Spark's programming model is based on two constructs: parallel loops over "distributed datasets", and a limited set of types of shared variables that can be accessed from tasks running on different machines. The goal is to expose an interface similar to the global address space programming model of tools like OpenMP, but to limit the types of shared variables to those that are easy to implement in a distributed system. The types of shared variables currently supported are read-only variables and "accumulators" whose value can be updated through an associative operation like addition. An important feature distinguishing Spark from "data flow" frameworks like Hadoop and Dryad is that distributed datasets can be reused across different parallel loops. This is especially useful for jobs that need to load a dataset into memory and use it across a series of iterations.
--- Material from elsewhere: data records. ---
(* Fix $y>0$ and $0\le p_1'<p_1''\le y$. Let $q_1(\cdot,\cdot)$ be APT-rationalizable, and let $\overline{p_1}$ be the minimum price $p_1\in[0,y]$ with $q_1(p_1,y)=0$. Let $F^{APT}$ be the CDF of the distribution placing probability $1-q_1(p_1',y)$ at $0$, probability $q_1(p_1',y)-q_1(p_1'',y)$ at $\overline{p_1}-p_1'$, and probability $q_1(p_1'',y)$ at $p_1''-p_1'$. Let $F^{RUM}(z)=0$ for $z<0$, $F^{RUM}(z)=1-q_1(p_1'+z,y)$ for $0\le z<p_1''-p_1'$, and $F^{RUM}(z)=1$ for $z\ge p_1''-p_1'$. Then $F^{APT}$ first-order stochastically dominates $F^{RUM}$, i.e. $F^{APT}(z)\le F^{RUM}(z)$ for all real $z$.
   Context: Two goods: good 0 (price $0$) and good 1 (price $p_1\ge0$); consumers have common income $y>0$, choose one good and spend the rest on a numeraire; $q_1(p_1,y)$ is the population probability of choosing good 1, defined for $y>0$, $p_1\in[0,y]$. $q_1$ is APT-rationalizable if there exist $U_0:(0,\infty)\to[0,\infty)$ strictly increasing, $U_1:[0,\infty)\to[0,\infty)$ continuous and strictly increasing, with: for every $y>0$ some $\bar p_1\in[0,y]$ has $U_0(y)\ge U_1(y-\bar p_1)$; and a CDF $G$ of attention thresholds with $G(0)=0$, such that $q_{1}(p_{1},y)=\mathbb{1}\{U_{0}(y)<U_{1}(y-p_{1})\}\,(1-G(p_{1}))$. (In the paper, $F^{APT}$ is the distribution of equivalent variation of the price increase from $p_1'$ to $p_1''$ identified under this model when additionally $G(t)<1$ for all finite $t$, and $F^{RUM}$ is the distribution of equivalent variation identified under a random utility model with full attention, both from observing $q_1(p_1,y)$ for all $p_1\in[p_1',y]$.) *)

From Stdlib Require Import Reals Lra.
Open Scope R_scope.

Definition is_cdf (G : R -> R) : Prop :=
  (forall s t, s <= t -> G s <= G t) /\
  (forall t eps, 0 < eps -> exists d, 0 < d /\
       forall s, t <= s -> s < t + d -> Rabs (G s - G t) < eps) /\
  (forall eps, 0 < eps -> exists M, forall t, t <= M -> Rabs (G t) < eps) /\
  (forall eps, 0 < eps -> exists M, forall t, M <= t -> Rabs (G t - 1) < eps).

Definition ind {b : Prop} (d : {b} + {~ b}) : R := if d then 1 else 0.

(* q1 p1 y : probability of choosing good 1 at price p1 and income y
   (only meaningful for y > 0, 0 <= p1 <= y). *)
Definition APT_rationalizable (q1 : R -> R -> R) : Prop :=
  exists (U0 U1 G : R -> R),
    (forall a, 0 < a -> 0 <= U0 a) /\
    (forall a b, 0 < a -> a < b -> U0 a < U0 b) /\
    (forall a, 0 <= a -> 0 <= U1 a) /\
    (forall a b, 0 <= a -> a < b -> U1 a < U1 b) /\
    (forall x eps, 0 <= x -> 0 < eps -> exists d, 0 < d /\
        forall x', 0 <= x' -> Rabs (x' - x) < d -> Rabs (U1 x' - U1 x) < eps) /\
    (forall y, 0 < y -> exists pb, 0 <= pb <= y /\ U1 (y - pb) <= U0 y) /\
    is_cdf G /\ G 0 = 0 /\
    (forall p1 y, 0 < y -> 0 <= p1 <= y ->
       q1 p1 y = ind (Rlt_dec (U0 y) (U1 (y - p1))) * (1 - G p1)).

Definition F_APT (q1 : R -> R -> R) (y p' p'' pbar z : R) : R :=
  (1 - q1 p' y) * ind (Rle_dec 0 z)
  + (q1 p' y - q1 p'' y) * ind (Rle_dec (pbar - p') z)
  + q1 p'' y * ind (Rle_dec (p'' - p') z).

Definition F_RUM (q1 : R -> R -> R) (y p' p'' z : R) : R :=
  if Rlt_dec z 0 then 0
  else if Rlt_dec z (p'' - p') then 1 - q1 (p' + z) y
  else 1.

(** Under attention thresholds the choice probability of good 1 is a product of
    two factors in [0,1] that are nonincreasing in the price: the preference
    indicator [U0 y < U1 (y - p1)] and the attention probability [1 - G p1].
    Hence [q1 (., y)] is a nonincreasing probability on [0, y], and
    [q1 p y = 0] for [p >= pbar].  On [0 <= z < p'' - p'] the APT distribution
    function is [1 - q1 p' y] below [pbar - p'], which is at most
    [1 - q1 (p' + z) y] by monotonicity, and at most [1] from [pbar - p'] on,
    where [q1 (p' + z) y = 0].  Left of [0] it can only be positive if
    [pbar < p'], which forces [q1 p' y = q1 p'' y = 0]; right of [p'' - p'] it
    is at most the total mass [1]. *)

From Pilot Require Import Defs.
From Stdlib Require Import Reals Lra.
Open Scope R_scope.

Lemma cdf_le_1 (G : R -> R) : is_cdf G -> forall t, G t <= 1.
Proof.
  intros [G_mono [_ [_ G_lim_1]]] t.
  destruct (Rle_dec (G t) 1) as [le_Gt_1 | gt_Gt_1]; [exact le_Gt_1 |].
  destruct (G_lim_1 (G t - 1)) as [M HM]; [lra |].
  specialize (HM (Rmax M t) (Rmax_l M t)).
  assert (G t <= G (Rmax M t)) by (apply G_mono, Rmax_r).
  apply Rabs_def2 in HM; lra.
Qed.

(* [Reals] shadows [Defs.ind] with an unrelated [ind], hence the qualified name. *)
Lemma ind_bounds (b : Prop) (d : {b} + {~ b}) : 0 <= Defs.ind d <= 1.
Proof. unfold Defs.ind; destruct d; lra. Qed.

Lemma ind_Rlt_le_compat (a c c' : R) :
  c <= c' -> Defs.ind (Rlt_dec a c) <= Defs.ind (Rlt_dec a c').
Proof.
  intros le_c_c'; unfold Defs.ind.
  destruct (Rlt_dec a c), (Rlt_dec a c'); lra.
Qed.

Lemma strict_incr_le_compat (f : R -> R) :
  (forall a b, 0 <= a -> a < b -> f a < f b) ->
  forall a b, 0 <= a -> a <= b -> f a <= f b.
Proof.
  intros f_incr a b a_ge0 [lt_a_b | ->]; [apply Rlt_le, f_incr |]; lra.
Qed.

Section APTChoiceProbability.

Variables (q1 : R -> R -> R) (y : R).
Hypotheses (y_gt0 : 0 < y) (q1_APT : APT_rationalizable q1).

Lemma APT_choice_prob_bounds p : 0 <= p <= y -> 0 <= q1 p y <= 1.
Proof.
  intros p_range.
  destruct q1_APT as (U0 & U1 & G & _ & _ & _ & _ & _ & _ & G_cdf & G0 & q1E).
  rewrite (q1E p y y_gt0 p_range).
  assert (0 <= G p) by (rewrite <- G0; apply (proj1 G_cdf); lra).
  pose proof (cdf_le_1 G G_cdf p).
  pose proof (ind_bounds _ (Rlt_dec (U0 y) (U1 (y - p)))).
  split; [apply Rmult_le_pos | rewrite <- (Rmult_1_r 1); apply Rmult_le_compat]; lra.
Qed.

Lemma APT_choice_prob_nonincreasing p p2 :
  0 <= p -> p <= p2 -> p2 <= y -> q1 p2 y <= q1 p y.
Proof.
  intros p_ge0 le_p_p2 p2_le_y.
  destruct q1_APT as (U0 & U1 & G & _ & _ & _ & U1_incr & _ & _ & G_cdf & G0 & q1E).
  rewrite (q1E p y y_gt0 ltac:(lra)), (q1E p2 y y_gt0 ltac:(lra)).
  assert (G p <= G p2) by (apply (proj1 G_cdf); lra).
  pose proof (cdf_le_1 G G_cdf p2).
  pose proof (ind_bounds _ (Rlt_dec (U0 y) (U1 (y - p2)))).
  apply Rmult_le_compat; try lra.
  apply ind_Rlt_le_compat, (strict_incr_le_compat U1 U1_incr); lra.
Qed.

End APTChoiceProbability.

Section StochasticDominance.

Variables (q1 : R -> R -> R) (y p' p'' pbar : R).
Hypothesis q1_bounds : forall p, 0 <= p <= y -> 0 <= q1 p y <= 1.
Hypothesis q1_nonincreasing :
  forall p p2, 0 <= p -> p <= p2 -> p2 <= y -> q1 p2 y <= q1 p y.
Hypotheses (p'_ge0 : 0 <= p') (lt_p'_p'' : p' < p'') (p''_le_y : p'' <= y).
Hypotheses (pbar_range : 0 <= pbar <= y) (q1_pbar : q1 pbar y = 0).

Let q1_p'_bounds : 0 <= q1 p' y <= 1. Proof. apply q1_bounds; lra. Qed.
Let q1_p''_bounds : 0 <= q1 p'' y <= 1. Proof. apply q1_bounds; lra. Qed.
Let q1_p''_le_p' : q1 p'' y <= q1 p' y. Proof. apply q1_nonincreasing; lra. Qed.

Lemma F_APT_le_0 z : z < 0 -> F_APT q1 y p' p'' pbar z <= 0.
Proof.
  intros z_lt0; unfold F_APT, Defs.ind.
  destruct (Rle_dec 0 z); [lra |].
  destruct (Rle_dec (p'' - p') z); [lra |].
  destruct (Rle_dec (pbar - p') z); [| lra].
  assert (q1 p' y <= q1 pbar y) by (apply q1_nonincreasing; lra).
  lra.
Qed.

Lemma F_APT_le_1 z : F_APT q1 y p' p'' pbar z <= 1.
Proof.
  unfold F_APT, Defs.ind.
  destruct (Rle_dec 0 z), (Rle_dec (pbar - p') z), (Rle_dec (p'' - p') z); lra.
Qed.

Lemma F_APT_le_RUM_interior z :
  0 <= z < p'' - p' -> F_APT q1 y p' p'' pbar z <= 1 - q1 (p' + z) y.
Proof.
  intros z_range; unfold F_APT, Defs.ind.
  assert (q1 (p' + z) y <= q1 p' y) by (apply q1_nonincreasing; lra).
  destruct (Rle_dec 0 z), (Rle_dec (pbar - p') z), (Rle_dec (p'' - p') z);
    try lra.
  assert (q1 (p' + z) y <= q1 pbar y) by (apply q1_nonincreasing; lra).
  lra.
Qed.

Lemma F_APT_le_F_RUM z : F_APT q1 y p' p'' pbar z <= F_RUM q1 y p' p'' z.
Proof.
  unfold F_RUM.
  destruct (Rlt_dec z 0) as [z_lt0 | z_ge0]; [now apply F_APT_le_0 |].
  destruct (Rlt_dec z (p'' - p')); [apply F_APT_le_RUM_interior; lra |].
  apply F_APT_le_1.
Qed.

End StochasticDominance.

Theorem theorem5 (q1 : R -> R -> R) (y p' p'' pbar : R) :
  0 < y -> 0 <= p' -> p' < p'' -> p'' <= y ->
  APT_rationalizable q1 ->
  (* pbar is the minimum price in [0,y] with q1(pbar,y) = 0 *)
  0 <= pbar <= y -> q1 pbar y = 0 ->
  (forall p1, 0 <= p1 <= y -> q1 p1 y = 0 -> pbar <= p1) ->
  forall z : R, F_APT q1 y p' p'' pbar z <= F_RUM q1 y p' p'' z.
Proof.
  intros y_gt0 p'_ge0 lt_p'_p'' p''_le_y q1_APT pbar_range q1_pbar _ z.
  apply F_APT_le_F_RUM; try assumption.
  - exact (APT_choice_prob_bounds q1 y y_gt0 q1_APT).
  - exact (APT_choice_prob_nonincreasing q1 y y_gt0 q1_APT).
Qed.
Spark is implemented in Scala, a statically typed functional/OO language that runs on the JVM. Spark uses Scala features to let users write parallel jobs through syntactic sugar in a regular Scala program, similar to DryadLINQ. The easiest way to explain is through some examples:

Example 1: Estimating π

A simple way to estimate Pi is to sample random points in the unit square ((-1,-1) to (1,1)) and count how many of them fall in the unit circle. The fraction of points that fall in should be roughly Pi/4, because the area of the unit circle is Pi and the area of the unit square is 4. Below is some serial Scala code that estimates Pi this way:

var count = 0
for (i <- 1 to 10000) {
  val x = Math.random * 2 - 1
  val y = Math.random * 2 - 1
  if (x*x + y*y < 1) count += 1
}
println("Pi is roughly " + 4 * count / 10000.0)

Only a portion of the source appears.